**WHAT THE TASK REQUIRES:**
Note how many lines in the entries contain the string "Import", then give that number and nothing else.

BEGIN SOURCE DATA

(* Let $\mathbb{F}$ be an algebraically closed field of characteristic $p>2$ and $(V,[\cdot,\cdot]_V,\alpha_V,B_V)$ a restricted involutive quadratic Hom-Lie algebra with $p$-structure $[p]_V$. Let $L=\mathbb{F}e^*\oplus V\oplus\mathbb{F}e$ be the double extension of $V$ by $(\mathscr{D},x_0,1,\lambda_0)$ and $\widetilde L=\mathbb{F}\widetilde e^*\oplus V\oplus\mathbb{F}\widetilde e$ the double extension by $(\widetilde{\mathscr{D}},\widetilde x_0,1,\widetilde\lambda_0)$, where $\mathscr{D},\widetilde{\mathscr{D}}\in\mathrm{Der}_{\alpha_V}(V)$ are restricted derivations with the $p$-property (data $\xi,a_0$ resp. $\widetilde\xi,\widetilde a_0$) and $B_V$ is $\mathscr{D}$- and $\widetilde{\mathscr{D}}$-invariant. Let $L$ carry the $p$-structure $u^{[p]_L}=u^{[p]_V}+\mathscr{P}(u)e$ ($u\in V$), $(e^* )^{[p]_L}=a_0+le+\xi e^*$, $e^{[p]_L}=me+u_0$, and $\widetilde L$ the $p$-structure $u^{[p]_{\widetilde L}}=u^{[p]_V}+\widetilde{\mathscr{P}}(u)\widetilde e$, $(\widetilde e^* )^{[p]_{\widetilde L}}=\widetilde a_0+\widetilde l\widetilde e+\widetilde\xi\widetilde e^*$, $\widetilde e^{[p]_{\widetilde L}}=\widetilde m\widetilde e+\widetilde u_0$, where $l,m,\widetilde l,\widetilde m\in\mathbb{F}$, $u_0,\widetilde u_0\in\mathfrak z(V)$ with $\mathscr{D}(u_0)=\widetilde{\mathscr{D}}(\widetilde u_0)=0$, and $\mathscr{P},\widetilde{\mathscr{P}}:V\to\mathbb{F}$ satisfy $\mathscr{P}(cu)=c^p\mathscr{P}(u)$, $\mathscr{P}(u+v)=\mathscr{P}(u)+\mathscr{P}(v)+\sum_{i=1}^{p-1}\eta_i^V(u,v)$ (and likewise $\widetilde{\mathscr{P}}$ with $\widetilde\eta_i^V$ defined using $\widetilde{\mathscr{D}}$). Let $\pi:L\to\widetilde L$ be an adapted isomorphism of the form $\pi(u)=\pi_0(u)+B_V(t_\pi,u)\widetilde e$ ($u\in V$), $\pi(e)=\gamma\widetilde e$, $\pi(e^* )=\gamma^{-1}(\widetilde e^*-\pi_0(t_\pi)-\frac12B_V(t_\pi,t_\pi)\widetilde e)$, where $\pi_0$ is an automorphism of $V$, $\gamma\in\mathbb{F}\setminus\{0\}$ and $t_\pi\in V$. Then $\pi$ is restricted (i.e. $\pi(f^{[p]_L})=\pi(f)^{[p]_{\widetilde L}}$ for all $f\in L$) if and only if $\pi_0(u^{[p]_V})=(\pi_0(u))^{[p]_V}+B_V(t_\pi,u)^p\widetilde u_0$ for all $u\in V$ and $\widetilde{\mathscr{P}}\circ\pi_0=\gamma\mathscr{P}+B_V(t_\pi,(\cdot)^{[p]_V})-B_V(t_\pi,\cdot)^p\widetilde m$, $\widetilde\xi=\gamma^{p-1}\xi$, $\widetilde l=\gamma^p\big(B_V(t_\pi,a_0)+\gamma l-\frac{\xi}{2\gamma}B_V(t_\pi,t_\pi)\big)+\widetilde{\mathscr{P}}(\pi_0(t_\pi))+\frac{1}{2^p}B_V(t_\pi,t_\pi)^p\widetilde m-\sum_{i=1}^{p-1}\frac1i\Phi_{i,\mathrm{II}}$, $\widetilde a_0=\gamma^p(\pi_0(a_0)-\gamma^{-1}\xi\pi_0(t_\pi))+\frac{1}{2^p}B_V(t_\pi,t_\pi)^p\widetilde u_0+\pi_0(t_\pi)^{[p]_V}-\sum_{i=1}^{p-1}\frac1i\Phi_{i,\mathrm{I}}$, $\widetilde m=\gamma^{-p}(\gamma m+B_V(t_\pi,u_0))$, $\widetilde u_0=\gamma^{-p}\pi_0(u_0)$.
   Context: Hom-Lie algebra: $(\mathfrak g,[\cdot,\cdot],\alpha)$ with $[x,y]=-[y,x]$, $[\alpha(x),[y,z]]+[\alpha(y),[z,x]]+[\alpha(z),[x,y]]=0$, $\alpha([x,y])=[\alpha x,\alpha y]$; involutive: $\alpha^2=\mathrm{id}$; quadratic: symmetric nondegenerate bilinear $B$, $B([x,y],z)=B(x,[y,z])$, $B(\alpha x,y)=B(x,\alpha y)$. $p$-structure: map $x\mapsto x^{[p]}$ with $\mathrm{ad}(x^{[p]})\alpha^{p-1}=\mathrm{ad}(\alpha^{p-1}x)\cdots\mathrm{ad}(x)$, $(kx)^{[p]}=k^px^{[p]}$, $(x+y)^{[p]}=x^{[p]}+y^{[p]}+\sum_{i=1}^{p-1}s_i(x,y)$ with $\mathrm{ad}(\alpha^{p-2}(kx+y))\cdots\mathrm{ad}(kx+y)(x)=\sum_i is_i(x,y)k^{i-1}$. $\mathrm{Der}_{\alpha_V}(V)$: linear $\mathscr{D}$ with $\mathscr{D}\alpha_V=\alpha_V\mathscr{D}$, $\mathscr{D}[x,y]_V=[\mathscr{D}x,\alpha_Vy]_V+[\alpha_Vx,\mathscr{D}y]_V$; restricted: $\mathscr{D}(x^{[p]_V})=\mathrm{ad}_V(\alpha_V^{p-1}x)\cdots\mathrm{ad}_V(\alpha_Vx)(\mathscr{D}x)$; $p$-property with data $\xi,a_0$: $\mathscr{D}^p=\xi\mathscr{D}\alpha_V^{p-1}+\mathrm{ad}_V(a_0)\alpha_V^{p-1}$, $\mathscr{D}(a_0)=0$. $B_V$ $\mathscr{D}$-invariant: $B_V(\mathscr{D}x,y)+B_V(x,\mathscr{D}y)=0$. $\eta_i^V(u,v)$: defined by $B_V(\mathscr{D}(\alpha_V^{p-2}(ku+v)),\mathrm{ad}_V(\alpha_V^{p-3}(ku+v))\cdots\mathrm{ad}_V(ku+v)(u))=\sum_{i=1}^{p-1}i\eta_i^V(u,v)k^{i-1}$ for all $k$. Double extension by $(\mathscr{D},x_0,1,\lambda_0)$, where $x_0\in V$ satisfies $\mathscr{D}+\mathrm{ad}_V(x_0)=\mathscr{D}$, $\alpha_V(\mathscr{D}x_0)=-\mathscr{D}x_0$, $\alpha_V\mathscr{D}^2-\mathscr{D}^2\alpha_V=\mathrm{ad}_V(\mathscr{D}x_0)$: $L=\mathbb{F}e^*\oplus V\oplus\mathbb{F}e$ with skew bracket $[x,y]=[x,y]_V+B_V(\mathscr{D}x,y)e$, $[e^*,x]=-[x,e^*]=\mathscr{D}x$, $[e^*,e^*]=0$, $e$ central; $\alpha(x)=\alpha_V(x)+B_V(x_0,x)e$, $\alpha(e^* )=e^*+x_0+\lambda_0e$, $\alpha(e)=e$; $B|_V=B_V$, $B(V,e)=B(V,e^* )=0$, $B(e^*,e)=1$, $B(e^*,e^* )=B(e,e)=0$ (likewise $\widetilde L$ with twist $\widetilde\alpha$). Adapted isomorphism: linear bijection $\pi:L\to\widetilde L$ preserving brackets and forms, $\pi\alpha=\widetilde\alpha\pi$, $\pi(\mathbb{F}e\oplus V)=\mathbb{F}\widetilde e\oplus V$. Automorphism $\pi_0$ of $V$: linear bijection preserving $[\cdot,\cdot]_V$, $B_V$ and commuting with $\alpha_V$. $\Phi_{i,\mathrm I}\in V$, $\Phi_{i,\mathrm{II}}\in\mathbb{F}$: define $\Phi_i\in\widetilde L$ ($1\le i\le p-1$) by $\mathrm{ad}(\widetilde\alpha^{p-2}(k\widetilde e^*-\pi_0(t_\pi)))\circ\cdots\circ\mathrm{ad}(k\widetilde e^*-\pi_0(t_\pi))(\widetilde e^* )=\sum_{i=1}^{p-1}\Phi_ik^{i-1}$ for all $k\in\mathbb{F}$ (brackets in $\widetilde L$), and let $\Phi_{i,\mathrm I}$ and $\Phi_{i,\mathrm{II}}$ be the $V$-component and the $\widetilde e$-coefficient of $\Phi_i$ in $\widetilde L=\mathbb{F}\widetilde e^*\oplus V\oplus\mathbb{F}\widetilde e$. *)

From mathcomp Require Import all_boot all_order all_algebra.
Set Implicit Arguments. Unset Strict Implicit. Unset Printing Implicit Defensive.
Import GRing.Theory.
Local Open Scope ring_scope.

END SOURCE DATA

**RESPONSE AREA:**
2